* [TASK GOAL] When the line containing "Proof. by elim: k" is reached, include it and end there; set down verbatim every line before it, starting at the top of the records.

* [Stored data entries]
------------------------------------------------------------------------

(* rU w is the rank of w among the words of U (or of L) of length <= size w;
   a leading 0 is irrelevant, and 1, 2, 3 skip the blocks listed before them. *)
Fixpoint rU (w : word) : nat :=
  if w is d :: u then
    match nat_of_ord d with
    | 0 => rU u
    | 1 => cU (size u)
    | 2 => cU (size u) + 1 + rU u
    | _ => (cU (size u)).*2.+1
    end
  else 0.

Lemma size_FU k : size (FU k) = cU k.
Proof. by elim: k => [//|k IH]; rewrite FU_S size_cat /= size_cat !size_map IH /=; lia. Qed.

Lemma size_FU_elem k i : i < cU k -> size (nth [::] (FU k) i) = k.
Proof.
move=> hi; apply/eqP; rewrite -mem_words_of_len.
have: nth [::] (FU k) i \in FU k by rewrite mem_nth // size_FU.
by rewrite mem_filter => /andP[].
Qed.

Lemma size_filter_inL N : size (filter inL (words_upto N)) = cU N.
Proof.
elim: N => [//|N IH].
by rewrite words_upto_S filter_cat size_cat IH filter_inL_S /= size_cat size_map size_FU /=; lia.
Qed.

Lemma rU_nth_tail k (A : seq word) :
  size A = cU k -> (forall i, i < cU k -> rU (nth [::] A i) = i) ->
  (forall i, i < cU k -> rU (nth [::] (FU k) i) = i) ->
  forall i, i < cU k.+1 -> rU (nth [::] (A ++ tailL k) i) = i.
Proof.
move=> sA hA hF i hi; rewrite nth_cat sA.
case: (ltnP i (cU k)) => [/hA //|h1].
rewrite /tailL; case hj: (i - cU k) => [|j] /=; first by rewrite size_nseq; lia.
rewrite nth_cat size_map size_FU.
case: (ltnP j (cU k)) => h2.
  by rewrite (nth_map [::]) ?size_FU //= size_FU_elem // hF //; lia.
have ->: j - cU k = 0 by move: hi => /=; lia.
by rewrite /= size_nseq; move: hi => /=; lia.
Qed.

Lemma rU_nth_FU k i : i < cU k -> rU (nth [::] (FU k) i) = i.
Proof.
elim: k i => [|k IH] i; first by case: i.
rewrite FU_S; move: i; apply: rU_nth_tail => //; first by rewrite size_map size_FU.
by move=> j hj; rewrite (nth_map [::]) ?size_FU //; exact: IH.
Qed.

Lemma rU_nth_L N i : i < cU N -> rU (nth [::] (filter inL (words_upto N)) i) = i.
Proof.
elim: N i => [|N IH] i; first by case: i.
rewrite words_upto_S filter_cat filter_inL_S; move: i.
exact: rU_nth_tail (size_filter_inL N) IH (@rU_nth_FU N).
Qed.

Lemma nth_left_inverse (T : eqType) (f : T -> nat) (s : seq T) x0 x :
  (forall i, i < size s -> f (nth x0 s i) = i) -> x \in s -> nth x0 s (f x) = x.
Proof. by move=> hf xs; rewrite -{1}(nth_index x0 xs) hf ?index_mem // nth_index. Qed.

(* A word of L comes no earlier than position |w| of the enumeration, so
   rep (rU w) searches a list containing w. *)
Lemma size_le_rU w : inL w -> size w <= rU w.
Proof.
case: w => [//|[[|[|[|[|m]]]] hm] u] //= _; have := cU_ge (size u); lia.
Qed.

(* rU is the valuation val = rep^-1 of the numeration system. *)
Lemma rU_rep n : rU (rep n) = n.
Proof. by rewrite /rep rU_nth_L // cU_ge. Qed.

Lemma rep_rU w : inL w -> rep (rU w) = w.
Proof.
move=> hw; apply: nth_left_inverse; first by rewrite size_filter_inL; exact: rU_nth_L.
by rewrite mem_filter hw mem_words_upto size_le_rU.
Qed.

(* A prefix 2^n multiplies the "weight" 3 * 2^|u| of the suffix u by 2^n. *)
Lemma rU_nseq2 n u :
  rU (nseq n d2 ++ u) + n + 3 * 2 ^ (size u) = rU u + 3 * 2 ^ (size u) * 2 ^ n.
Proof.
elim: n => [|n IH]; first by rewrite /= addn0 muln1.
rewrite /= size_cat size_nseq.
by have := cU_E (n + size u); rewrite expnD expnS; lia.
Qed.

Lemma all02_nseq n d : is02 d -> all is02 (nseq n d).
Proof. by move=> h; elim: n => //= n ->; rewrite h. Qed.

Lemma inU_cat s u : all is02 s -> inU (s ++ u) = inU u.
Proof. by elim: s => [//|d s IH] /= /andP[-> /IH]. Qed.

Definition xw p q : word := nseq p.+2 d2 ++ nseq q d0.
Definition zw p q : word := nseq p.+1 d2 ++ d0 :: (nseq q d2 ++ [:: d3]).

Lemma inL_xw p q : inL (xw p q).
Proof.
rewrite /xw /= inL_cons /= inU_cat ?all02_nseq //.
by rewrite -(cats0 (nseq q d0)) inU_cat ?all02_nseq.
Qed.

Lemma inL_zw p q : inL (zw p q).
Proof. by rewrite /zw /= inL_cons /= inU_cat ?all02_nseq //= inU_cat ?all02_nseq. Qed.

(* Their values, in subtraction-free form. *)
Lemma rU_xw p q : rU (xw p q) + p.+2 + 3 * 2 ^ q = 3 * 2 ^ q * 2 ^ p.+2.
Proof.
have h := rU_nseq2 p.+2 (nseq q d0).
have h0 : rU (nseq q d0) = 0 by elim: q {h}.
by rewrite size_nseq h0 in h; rewrite /xw; lia.
Qed.

Lemma rU_zw p q : rU (zw p q) + p.+1 + 3 * 2 ^ q.+2 + q + 6 =
  3 + 3 * 2 * 2 ^ q + 3 * 2 ^ q.+2 * 2 ^ p.+1.
Proof.
have h1 := rU_nseq2 p.+1 (d0 :: (nseq q d2 ++ [:: d3])).
have h2 := rU_nseq2 q [:: d3].
have s1 : size (d0 :: (nseq q d2 ++ [:: d3])) = q.+2 by rewrite /= size_cat size_nseq addn1.
rewrite s1 [rU (d0 :: _)]/= in h1; rewrite /= in h2.
by rewrite /zw; lia.
Qed.

Lemma rU_zw_double p q : (rU (zw p q) == rU (xw p q) + rU (xw p q)) = (p == q).
Proof.
apply/eqP/eqP => [|<-].
- have := rU_xw p q; have := rU_zw p q; rewrite !expnS.
  by set A := 2 ^ p; set B := 2 ^ q; nia.
- have := rU_xw p p; have := rU_zw p p; rewrite !expnS.
  by set A := 2 ^ p; nia.
Qed.

Definition unpad (s : seq (option digit)) : word := pmap id s.

Lemma size_padl m s : size s <= m -> size (padl m s) = m.
Proof. by move=> h; rewrite /padl size_cat size_nseq size_map subnK. Qed.

Lemma unpad_padl m s : unpad (padl m s) = s.
Proof.
rewrite /unpad /padl pmap_cat.
have ->: pmap id (nseq (m - size s) (@None digit)) = [::] by elim: (m - size s).
by elim: s => //= d s ->.
Qed.

Lemma unpad_pad3 u v w :
  [/\ unpad (unzip1 (unzip1 (pad3 u v w))) = u,
      unpad (unzip2 (unzip1 (pad3 u v w))) = v &
      unpad (unzip2 (pad3 u v w)) = w].
Proof.
rewrite /pad3; set m := maxn _ _.
have hu : size u <= m by rewrite leq_maxl.
have hv : size v <= m by rewrite /m (leq_trans (leq_maxl _ (size w))) // leq_maxr.
have hw : size w <= m by rewrite /m (leq_trans (leq_maxr (size v) _)) // leq_maxr.
have su := size_padl hu; have sv := size_padl hv; have sw := size_padl hw.
have suv : size (zip (padl m u) (padl m v)) = m by rewrite size_zip su sv minnn.
by rewrite !(unzip1_zip, unzip2_zip) ?suv ?su ?sv ?sw // !unpad_padl.
Qed.

Lemma pad3_inj u v w u' v' w' :
  pad3 u v w = pad3 u' v' w' -> [/\ u = u', v = v' & w = w'].
Proof.
move=> e; have [a1 a2 a3] := unpad_pad3 u v w; have [b1 b2 b3] := unpad_pad3 u' v' w'.
by split; [rewrite -a1 e b1 | rewrite -a2 e b2 | rewrite -a3 e b3].
Qed.

Definition Pw p : seq letter3 :=
  zip (zip (None :: nseq p (Some d2)) (None :: nseq p (Some d2))) (nseq p.+1 (Some d2)).
Definition Sw q : seq letter3 :=
  zip (zip (Some d2 :: Some d2 :: nseq q (Some d0)) (Some d2 :: Some d2 :: nseq q (Some d0)))
      (Some d0 :: nseq q (Some d2) ++ [:: Some d3]).

Lemma pad3_split p q : pad3 (xw p q) (xw p q) (zw p q) = Pw p ++ Sw q.
Proof.
have sx : size (xw p q) = p + q + 2 by rewrite /xw size_cat !size_nseq; lia.
have sz : size (zw p q) = p + q + 3 by rewrite /zw size_cat /= size_cat !size_nseq /=; lia.
rewrite /pad3 sx sz (_ : maxn _ _ = p + q + 3); last by lia.
have ->: padl (p + q + 3) (xw p q) =
    (None :: nseq p (Some d2)) ++ (Some d2 :: Some d2 :: nseq q (Some d0)).
  rewrite /padl sx (_ : _ - _ = 1); last by lia.
  by rewrite /xw map_cat !map_nseq /=; congr cons; elim: p {sx sz} => //= p ->.
have ->: padl (p + q + 3) (zw p q) =
    nseq p.+1 (Some d2) ++ (Some d0 :: nseq q (Some d2) ++ [:: Some d3]).
  by rewrite /padl sz subnn /= /zw map_cat !map_nseq /= map_cat map_nseq.
by rewrite !zip_cat // size_zip /= size_nseq minnn.
Qed.

Lemma Pw_Sw_not_sum p q n1 n2 n3 :
  n3 = n1 + n2 -> Pw p ++ Sw q = rep3 n1 n2 n3 -> p = q.
Proof.
rewrite -pad3_split => e /pad3_inj [e1 e2 e3].
have e21 : n2 = n1 by rewrite -(rU_rep n2) -e2 e1 rU_rep.
by apply/eqP; rewrite -rU_zw_double e3 e1 !rU_rep e e21.
Qed.

Lemma Pw_Sw_sum q : exists n1 n2 n3, n3 = n1 + n2 /\ Pw q ++ Sw q = rep3 n1 n2 n3.
Proof.
exists (rU (xw q q)), (rU (xw q q)), (rU (zw q q)); split.
  by apply/eqP; rewrite rU_zw_double.
by rewrite -pad3_split /rep3 !rep_rU ?inL_xw ?inL_zw.
Qed.

(* Pigeonhole: among infinitely many prefixes, two distinct ones lead a DFA
   to the same state, so no suffix distinguishes them. *)
Lemma dfa_same_state (A : finType) (M : dfa A) (P : nat -> seq A) :
  exists i j, i != j /\ forall s, dfa_accepts M (P i ++ s) = dfa_accepts M (P j ++ s).
Proof.
pose st (i : 'I_#|dfa_state M|.+1) := foldl (@dfa_trans _ M) (@dfa_start _ M) (P i).
have: ~~ injectiveb st by apply/negP => /injectiveP/leq_card; rewrite card_ord ltnn.
case/injectivePn => i [j] hij hst; exists (val i), (val j); split; first exact: hij.
by move=> s; rewrite /dfa_accepts !foldl_cat; move: hst; rewrite /st => ->.
Qed.

Theorem mainTheorem10 :
  ~ Z_recognizable (fun x y z => z = x + y).
Proof.
case=> M HM.
have [i [j [hij same]]] := dfa_same_state M Pw.
have: dfa_accepts M (Pw j ++ Sw j) by apply/HM; exact: Pw_Sw_sum.
rewrite -same => /HM [n1 [n2 [n3 [e h]]]].
by move: hij; rewrite (Pw_Sw_not_sum e h) eqxx.
Qed.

------------------------------------------------------------------------

* [THE COMPLETED TASK]
(* rU w is the rank of w among the words of U (or of L) of length <= size w;
   a leading 0 is irrelevant, and 1, 2, 3 skip the blocks listed before them. *)
Fixpoint rU (w : word) : nat :=
  if w is d :: u then
    match nat_of_ord d with
    | 0 => rU u
    | 1 => cU (size u)
    | 2 => cU (size u) + 1 + rU u
    | _ => (cU (size u)).*2.+1
    end
  else 0.

Lemma size_FU k : size (FU k) = cU k.
Proof. by elim: k => [//|k IH]; rewrite FU_S size_cat /= size_cat !size_map IH /=; lia. Qed.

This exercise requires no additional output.